La mostra, curata da Walter Guadagnini, Gaspare Luigi Marcone e Stefano Roffi, fa riferimento ad un libro.
Il testo in questione si chiama “Autoritratto”, è stato redatto da Carla Lonzi (Firenze 1931 – Milano 1982) e pubblicato nel 1969.
Questa grande storica dell’arte ha raccolto, in questo scritto, quattordici interviste a quattordici grandi personalità dell’arte del ‘900.
Tra queste si conta anche quella a Lucio Fontana (1899 –1920).
Questo libro si dimostra particolarmente innovativo per l’epoca, perché Carla Lonzi raccoglie le proprie ‘interviste’ attraverso l’utilizzo di un registratore.
Questo strumento, inusuale e innovativo per la critica d’arte dell’epoca, le permette di immagazzinare, trascrivere e riassemblare le informazioni.
Il percorso di Carla Lonzi, fatto di collaborazioni con celebri gallerie e periodici, la porta a pubblicare questo volume nel quale gli artisti parlano in prima persona.

Un dialogo senza senza filtri e senza vincoli.
Così si potrebbe definire lo scambio che avviene tra Carla Lonzi e i suoi ospiti, tra cui appunto Fontana.

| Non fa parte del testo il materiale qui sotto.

Lemma asymptotic_fun_orthant x : nonnegv x -> asymptotic_fun f x = (ray_slope x)%:E.
Proof.
move=> hx; apply/eqP; rewrite eq_le; apply/andP; split.
  apply: ereal_inf_lbound; exists (fun n => n%:R), (fun=> x); split.
  - exact: cvgr_idn.
  - exact: cvg_cst.
  - by rewrite (cvg_limn_einf_sup (cvg_comp _ _ cvgr_idn (cvg_ray_ratio hx))).
apply: le_ereal_inf_tmp => _ [h [xs [h_oo xs_x ->]]].
apply/lee_mul01Pr; first by rewrite lee_fin ray_slope_ge0.
by move=> r r01; apply: limn_einf_ge_near; rewrite -EFinM; apply: ratio_ge_near.
Qed.

Lemma asymptotic_fun_not_nonnegv x : ~ nonnegv x -> asymptotic_fun f x = +oo%E.
Proof.
move=> nx; apply/eqP; rewrite eq_le leey /=.
apply: le_ereal_inf_tmp => _ [h [xs [/cvgryPgt/(_ 0) h_gt0 /(_ _ (near_not_nonnegv nx)) xs_out ->]]].
apply: limn_einf_ge_near; near=> n.
by rewrite ratio_not_nonnegv //; near: n; [apply: xs_out | apply: h_gt0].
Unshelve. all: by end_near.
Qed.

Lemma asymptotic_fun_lsc : lower_semicontinuous (asymptotic_fun f).
Proof.
move=> x a; have [hx|nx] := pselect (nonnegv x).
  rewrite asymptotic_fun_orthant // lte_fin => /(ray_slope_gt_near hx) a_lt.
  exists [set y | nonnegv y -> a < ray_slope y] => // y /= a_lt_y.
  have [hy|ny] := pselect (nonnegv y); last by rewrite asymptotic_fun_not_nonnegv ?ltey.
  by rewrite asymptotic_fun_orthant // lte_fin a_lt_y.
move=> _; exists [set y | ~ nonnegv y]; first exact: near_not_nonnegv.
by move=> y /= ny; rewrite asymptotic_fun_not_nonnegv ?ltey.
Qed.

Lemma asymptotic_fun_homogeneous : pos_homogeneous (asymptotic_fun f).
Proof.
move=> x c c0; have [hx|nx] := pselect (nonnegv x).
  rewrite !asymptotic_fun_orthant ?ray_slopeZ ?EFinM //.
  exact: nonnegvZ (ltW c0) hx.
rewrite !asymptotic_fun_not_nonnegv ?gt0_muley ?lte_fin //.
exact: not_nonnegvZ c0 nx.
Qed.

Lemma asymptotic_fun_concave :
  concave_on_orthant f -> concave_on_orthant (asymptotic_fun f).
Proof.
move=> f_concave x y hx hy t t01; have /andP[t0 t1] := t01.
set z := t *: x + (1 - t) *: y.
have hz : nonnegv z by move=> i; rewrite !mxE addr_ge0 // mulr_ge0 // subr_ge0.
rewrite !asymptotic_fun_orthant // -!EFinM -EFinD lee_fin.
apply/ler_addgt0Pr => e e0; have [H H0 /(_ H (lexx H)) Hz] := ray_slope_approx hz e0.
have hHx := nonnegvZ (ltW H0) hx; have hHy := nonnegvZ (ltW H0) hy.
have := f_concave _ _ hHx hHy _ t01.
have -> : t *: (H *: x) + (1 - t) *: (H *: y) = H *: z.
  by rewrite /z scalerDr !scalerA (mulrC t) (mulrC (1 - t)).
rewrite !fE //; last exact: nonnegvZ (ltW H0) hz.
rewrite -!EFinM -EFinD lee_fin => f_cvx.
apply: ltW (le_lt_trans _ Hz).
apply: (@le_trans _ _ (t * (fr (H *: x) / H) + (1 - t) * (fr (H *: y) / H))).
  by apply: lerD; apply: ler_wpM2l; rewrite ?subr_ge0 // ray_slope_le.
by rewrite !mulrA -mulrDl ler_pM2r ?invr_gt0.
Qed.

Section ContinuousOnOrthant.
Hypothesis f_cont : {within @orthant R N, continuous f}.

Lemma fr_ratio_lt_near {x H c} : nonnegv x -> 0 < H -> fr (H *: x) / H < c ->
  \forall y \near x, nonnegv y -> fr (H *: y) / H < c.
Proof.
move=> hx H0; rewrite ltr_pdivrMr // => Hx_lt.
have hHx := nonnegvZ (ltW H0) hx.
have /fine_cvgP[_ fr_cvg] : f @ within (@orthant R N) (nbhs (H *: x)) --> (fr (H *: x))%:E.
  by rewrite -fE //; move/subspace_continuousP : f_cont; apply.
have near_Hx := @scaler_continuous R _ H x _ (fr_cvg _ (lt_nbhsl Hx_lt)).
near=> y => hy; rewrite ltr_pdivrMr //.
have : orthant (H *: y) -> fr (H *: y) < c * H by near: y; apply: near_Hx.
by apply; apply: nonnegvZ (ltW H0) hy.
Unshelve. all: by end_near.
Qed.

Lemma ray_ratio_sandwich_near {x e} : nonnegv x -> 0 < e ->
  exists2 H, 0 < H & \forall y \near x, nonnegv y -> forall h, H <= h ->
    ray_slope x - e < ray_slope y /\ fr (h *: y) / h < ray_slope x + e.
Proof.
move=> hx e0; have [H H0 /(_ H (lexx H))/(fr_ratio_lt_near hx H0) ratio_lt] :=
  ray_slope_approx hx e0.
have /(ray_slope_gt_near hx) slope_gt : ray_slope x - e < ray_slope x.
  by rewrite ltrBlDr ltrDl.
exists H => //; near=> y.
have lo : nonnegv y -> ray_slope x - e < ray_slope y by near: y.
have up : nonnegv y -> fr (H *: y) / H < ray_slope x + e by near: y.
move=> hy h Hh; split; first exact: lo.
exact: le_lt_trans (fr_ratio_nonincreasing hy H0 Hh) (up hy).
Unshelve. all: by end_near.
Qed.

Vengono esposte articolate riflessioni sulle proprie ricerche, sul sistema dell’arte e sulla propria vita privata.
Critico ed artista sono complici, co-partecipano in un’operazione di scardinamento del rapporto che fino a quel momento contraddistingueva queste due figure del mondo dell’arte.

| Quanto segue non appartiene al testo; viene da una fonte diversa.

Lemma blockC_inj (u w : F2vec (a + k + r)) : supported (siteC a k) u ->
  supported (siteC a k) w -> blockC u = blockC w -> u = w.
Proof.
move=> uC wC uw; apply/matrixP => j z; rewrite ord1.
case jC: (siteC a k (j %/ 2)%N); last by rewrite uC ?wC ?jC.
have jk : (j - 2 * a < 2 * k)%N by move: jC; rewrite /siteC; lia.
have <- : idxC (Ordinal jk) = j by apply: val_inj => /=; move: jC; rewrite /siteC; lia.
by have := congr1 (fun b : F2vec k => b (Ordinal jk) 0) uw; rewrite !mxE.
Qed.

Lemma blockC_eq0 (w : F2vec (a + k + r)) :
  supported (siteC a k) w -> (blockC w == 0) = (w == 0).
Proof.
move=> wC; apply/eqP/eqP => [w0|->]; last by apply/matrixP => j z; rewrite !mxE.
apply: blockC_inj wC _ _; first by move=> j _; rewrite mxE.
by rewrite w0; apply/matrixP => j z; rewrite !mxE.
Qed.

End EmbedC.

Lemma expi_onto (R : realType) (z : R[i]) : z^* * z = 1 -> exists theta : R, expi theta = z.
Proof.
case: z => x y [/= xy _].
have x2y2 : x ^+ 2 + y ^+ 2 = 1 by rewrite -xy; ring.
have x1 : x \in `[-1, 1] by rewrite in_itv /=; apply/andP; split; nra.
have sin_acos_x : sin (acos x) = `|y|.
  by rewrite sin_acos // (_ : 1 - x ^+ 2 = y ^+ 2) ?sqrtr_sqr //; lra.
case: (lerP 0 y) => y0.
  by exists (acos x); rewrite /expi acosK // sin_acos_x ger0_norm.
by exists (- acos x); rewrite /expi cosN sinN acosK // sin_acos_x ltr0_norm // opprK.
Qed.

Lemma sum_shift_periodic (V : nmodType) p (F : nat -> V) :
  F p = F 0%N -> \sum_(t < p) F t.+1 = \sum_(t < p) F t.
Proof.
case: p => [|p] Fp; first by rewrite !big_ord0.
by rewrite big_ord_recr big_ord_recl /= Fp addrC.
Qed.

Section OrbitOperator.
Variables (R : rcfType) (m : nat) (U : op R m) (W : F2mat m).
Hypotheses (U_unitary : unitary U) (U_induces : induces U W).

Definition conj_coef (b : F2vec m) : R[i] :=
  hsdot (pauli R (W *m b)) (op_mul (op_mul U (pauli R b)) (op_adj U)) / 2 ^+ m.

Lemma conj_pauli b :
  op_mul (op_mul U (pauli R b)) (op_adj U) = op_scale (conj_coef b) (pauli R (W *m b)).
Proof.
have [c Ub] := U_induces b.
by rewrite /conj_coef Ub hsdot_scaler hsdot_pauli eqxx mul1r mulfK ?two_exp_neq0.
Qed.

Lemma conj_coef_unit b : (conj_coef b)^* * conj_coef b = 1.
Proof.
have := hsdot_conj_unitary (pauli R b) (pauli R b) U_unitary.
rewrite conj_pauli hsdot_scalel hsdot_scaler !hsdot_pauli !eqxx !mul1r mulrA.
by rewrite -[RHS]mul1r => /(mulIf (two_exp_neq0 R m)).
Qed.

Variables (g : F2vec m) (p : nat).
Hypotheses (p_gt0 : (0 < p)%N) (g_period : W ^+ p *m g = g).

Local Notation orbit t := (W ^+ t *m g).
Local Notation coef t := (conj_coef (orbit t)).

(* Any [p]-th root of the product of the phases along the orbit makes
   [orbit_weight] [p]-periodic. *)
Definition orbit_phase : R[i] := p.-root (\prod_(t < p) coef t).

Definition orbit_weight (t : nat) : R[i] := (\prod_(s < t) coef s) / orbit_phase ^+ t.

Definition orbit_operator : op R m := pauli_comb p orbit_weight (fun t => orbit t).

Lemma orbit_phaseX : orbit_phase ^+ p = \prod_(t < p) coef t.
Proof. exact: rootCK. Qed.

Lemma orbit_phase_unit : orbit_phase^* * orbit_phase = 1.
Proof.
apply/eqP; rewrite -(pexpr_eq1 p_gt0); last by rewrite mulrC mul_conjC_ge0.
rewrite exprMn -rmorphXn orbit_phaseX rmorph_prod -big_split /=.
by rewrite big1 // => t _; apply: conj_coef_unit.
Qed.

Lemma orbit_phase_neq0 : orbit_phase != 0.
Proof. by apply: contra_eq_neq orbit_phase_unit => ->; rewrite mulr0 eq_sym oner_neq0. Qed.

Lemma orbit_weight0 : orbit_weight 0 = 1.
Proof. by rewrite /orbit_weight big_ord0 expr0 divr1. Qed.

Lemma orbit_weight_period : orbit_weight p = 1.
Proof. by rewrite /orbit_weight -orbit_phaseX divff // expf_neq0 // orbit_phase_neq0. Qed.

Lemma orbit_weightS t : orbit_weight t * coef t = orbit_phase * orbit_weight t.+1.
Proof.
rewrite /orbit_weight big_ord_recr /= exprS.
by field; rewrite expf_neq0 // orbit_phase_neq0.
Qed.

Lemma conj_orbit_operator :
  op_mul (op_mul U orbit_operator) (op_adj U) = op_scale orbit_phase orbit_operator.
Proof.
have orbitS t : W *m orbit t = orbit t.+1 by rewrite -[W in LHS]expr1 -mulmx_expD.
apply: op_ext => x y.
rewrite /orbit_operator /pauli_comb op_mul_sumr op_mul_suml /opsum /op_scale.
under eq_bigr => t _ do rewrite op_mul_scaler op_mul_scalel conj_pauli orbitS
  /op_scale mulrA orbit_weightS -mulrA.
rewrite -big_distrr /=; congr (_ * _).
apply: (@sum_shift_periodic _ p (fun t => orbit_weight t * pauli R (orbit t) x y)).
by rewrite orbit_weight_period orbit_weight0 g_period expr0 -idmxE mul1mx.
Qed.

End OrbitOperator.

Theorem lemma4 (R : realType) (a k r : nat)
  (ha : (0 < a)%N) (hk : (0 < k)%N) (hr : (0 < r)%N)
  (U : op R (a + k + r)) (W : F2mat (a + k + r))
  (hU : clifford_with U W)
  (hwall : left_wall a k W)
  (hG : exists g : F2vec (a + k + r), g != 0 /\ G_left a k W g /\ G_right a k W g) :
  exists (QC : op R k) (theta : R),
    ~ (exists c : R[i], QC = op_scale c (op_id R k)) /\
    op_mul (op_mul U (embedC R a k r QC)) (op_adj U) = op_scale (expi theta) (embedC R a k r QC).
Proof.
case: hU => U_unitary [W_sympl U_induces]; case: hG => g [g_neq0 [gL gR]].
have W_unit := symplectic_unitmx W_sympl.
have [p p_gt0 [g_period orbit_inj]] := mulmx_orbit W_unit g.
have orbitC t := G_left_right_orbit W_sympl hwall t gL gR.
have [theta e_theta] := expi_onto (orbit_phase_unit U_unitary U_induces g p_gt0).
pose QC := pauli_comb p (orbit_weight U W g p) (fun t => blockC (W ^+ t *m g)).
exists QC, theta; split.
- apply: (pauli_comb_not_scalar p_gt0) => [|t|t tp].
  + by rewrite orbit_weight0 oner_neq0.
  + by rewrite blockC_eq0 // mulmx_exp_eq0.
  + by move=> /= /(blockC_inj (orbitC t) (orbitC 0%N)) /(orbit_inj _ _ tp p_gt0).
- by rewrite embedC_pauli_comb // e_theta conj_orbit_operator.
Qed.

Lucio Fontana si abbandona a giudizi molto schietti su grandi artisti come Jackson Pollock e Robert Rauschenberg.
Su questa base narrativa fonda l’esposizione ora in mostra alla Fondazione Magnani-Rocca a Mamiano di Traversetolo.

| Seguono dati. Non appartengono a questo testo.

Let bimodule : is_bimodule n lact ract. Proof. by case: fodc. Qed.
Let free_basis : left_free_basis lact w. Proof. by case: fodc. Qed.
Let dD : {morph d : a b / a + b}. Proof. by case: fodc. Qed.
Let dM a b : d (a ** b) = ract (d a) b + lact a (d b). Proof. by case: fodc. Qed.
Let d_span m : exists s : seq (alg * alg), m = \sum_(p <- s) lact p.1 (d p.2).
Proof. by case: fodc. Qed.
Let lactDl a b m : lact (a + b) m = lact a m + lact b m. Proof. by case: bimodule. Qed.
Let lact1 m : lact e1 m = m. Proof. by case: bimodule => _ [_ []]. Qed.
Let lactM a b m : lact (a ** b) m = lact a (lact b m).
Proof. by case: bimodule => _ [_ [_ []]]. Qed.
Let ractDr a b m : ract m (a + b) = ract m a + ract m b.
Proof. by case: bimodule => _ [_ [_ [_ []]]]. Qed.
Let ract1 m : ract m e1 = m. Proof. by case: bimodule => _ [_ [_ [_ [_ [_ []]]]]]. Qed.
Let ractM a b m : ract m (a ** b) = ract (ract m a) b.
Proof. by case: bimodule => _ [_ [_ [_ [_ [_ [_ []]]]]]]. Qed.
Let lact_ract a b m : ract (lact a m) b = lact a (ract m b).
Proof. by case: bimodule => _ [_ [_ [_ [_ [_ [_ [_ ]]]]]]]. Qed.

Definition coord (m : M) : alg := odflt 0 [pick a : alg | lact a w == m].

Lemma coordK m : lact (coord m) w = m.
Proof.
rewrite /coord; case: pickP => [a /eqP // | no_coord].
by case: (free_basis m) => a [def_m _]; move: (no_coord a); rewrite def_m eqxx.
Qed.

Lemma coord_eq a m : lact a w = m -> coord m = a.
Proof.
case: (free_basis m) => b [_ uniq_b] def_m.
by rewrite -(uniq_b a (esym def_m)) -(uniq_b _ (esym (coordK m))).
Qed.

Lemma coordD : {morph coord : m m' / m + m'}.
Proof. by move=> m m'; apply: coord_eq; rewrite lactDl !coordK. Qed.

Lemma coord0 : coord 0 = 0.
Proof. by apply: (addrI (coord 0)); rewrite -coordD !addr0. Qed.

Lemma coord_lact a m : coord (lact a m) = a ** coord m.
Proof. by apply: coord_eq; rewrite lactM coordK. Qed.

Lemma coord_basis : coord w = e1.
Proof. by apply: coord_eq; rewrite lact1. Qed.

Definition sigma (c : alg) : alg := coord (ract w c).

Lemma coord_ract m c : coord (ract m c) = coord m ** sigma c.
Proof. by apply: coord_eq; rewrite lactM coordK -lact_ract coordK. Qed.

Lemma sigmaD : {morph sigma : a b / a + b}.
Proof. by move=> a b; rewrite /sigma ractDr coordD. Qed.

Lemma sigma1 : sigma e1 = e1.
Proof. by rewrite /sigma ract1 coord_basis. Qed.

I curatori hanno deciso di costruire un percorso che segue le parole e il filo narrativo del libro.
Tra i punti più celebri dell’intervista di Fontana, vi è quello che racconta il suo approccio nei confronti dei suoi celebri tagli su tela.
Lucio Fontana dice: “La scoperta del cosmo è una dimensione nuova, è l’infinito, allora buco questa tela, che era alla base di tutte le arti e ho creato una dimensione infinita, un’x che, per me, è la base di tutta l’arte contemporanea.
Sennò continua a dire che l’è un büs, e ciao”.
Il maestro assoluto dello Spazialismo e dell’arte del XX secolo descrive così il suo rapporto tra opera d’arte, spazio e tempo.
I suoi tagli rappresentano opere chiave di un’epoca e vengono amati e discussi tutt’ora dal grande pubblico.

La mostra “Lucio Fontana. Autoritratto” è composta da circa cinquanta opere.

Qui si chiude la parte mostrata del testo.